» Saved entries
--

Lemma C2inv_spec r : r < M phi ->
  S phi <= C2inv r phi < phi /\ Cfun (C2inv r phi) phi = r.
Proof.
  intros Hr. unfold C2inv. apply epsilon_spec.
  pose proof (S_spec phi Hphi).
  destruct (Cfun_unbounded_below (Rabs r + 1)) as [y [Hy Cy]].
  { pose proof (Rabs_pos r); lra. }
  pose proof (Rle_abs (- r)) as Habs. rewrite Rabs_Ropp in Habs.
  destruct (IVT_interv (fun t => r - Cfun t phi) (S phi) y) as [z [Hz Hfz]];
    try rewrite Cfun_S; try lra.
  - intros. apply (continuity_pt_minus (fun _ => r) (fun t => Cfun t phi)).
    + apply continuity_pt_const. intros ? ?; auto.
    + apply Cfun_continuous; lra.
  - exists z. split; lra.
Qed.

Lemma Cfun_above_level r t : 0 < r < M phi -> 0 <= t < phi ->
  (r < Cfun t phi <-> C1inv r phi < t < C2inv r phi).
Proof.
  intros Hr Ht.
  destruct (C1inv_spec r Hr) as [H1 E1]. destruct (C2inv_spec r ltac:(lra)) as [H2 E2].
  assert (S phi < C2inv r phi).
  { destruct (proj1 H2) as [|E]; [lra|].
    rewrite <- E, Cfun_S in E2; lra. }
  destruct (Rle_lt_dec t (S phi)).
  - pose proof (Cfun_increasing_iff (C1inv r phi) t H1 ltac:(lra)). rewrite E1 in *.
    split; intro; lra.
  - pose proof (Cfun_decreasing_iff (C2inv r phi) t H2 ltac:(lra)). rewrite E2 in *.
    split; intro; lra.
Qed.

Lemma Cfun_below_neg_level r t : r < 0 -> 0 <= t < phi ->
  (Cfun t phi < r <-> C2inv r phi < t).
Proof.
  intros Hr Ht.
  destruct (C2inv_spec r ltac:(pose proof M_pos; lra)) as [H2 E2].
  destruct (Rle_lt_dec t (S phi)).
  - pose proof (Cfun_nonneg t ltac:(lra)). split; intro; lra.
  - pose proof (Cfun_decreasing_iff t (C2inv r phi) ltac:(lra) H2). rewrite E2 in *.
    split; intro; lra.
Qed.

End ShapeOfC.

--

» How to complete this task
Working through the records above, copy each line in which "intros" is found.

» Solution to this problem
  intros Hr. unfold C2inv. apply epsilon_spec.
  - intros. apply (continuity_pt_minus (fun _ => r) (fun t => Cfun t phi)).
    + apply continuity_pt_const. intros ? ?; auto.
  intros Hr Ht.
  intros Hr Ht.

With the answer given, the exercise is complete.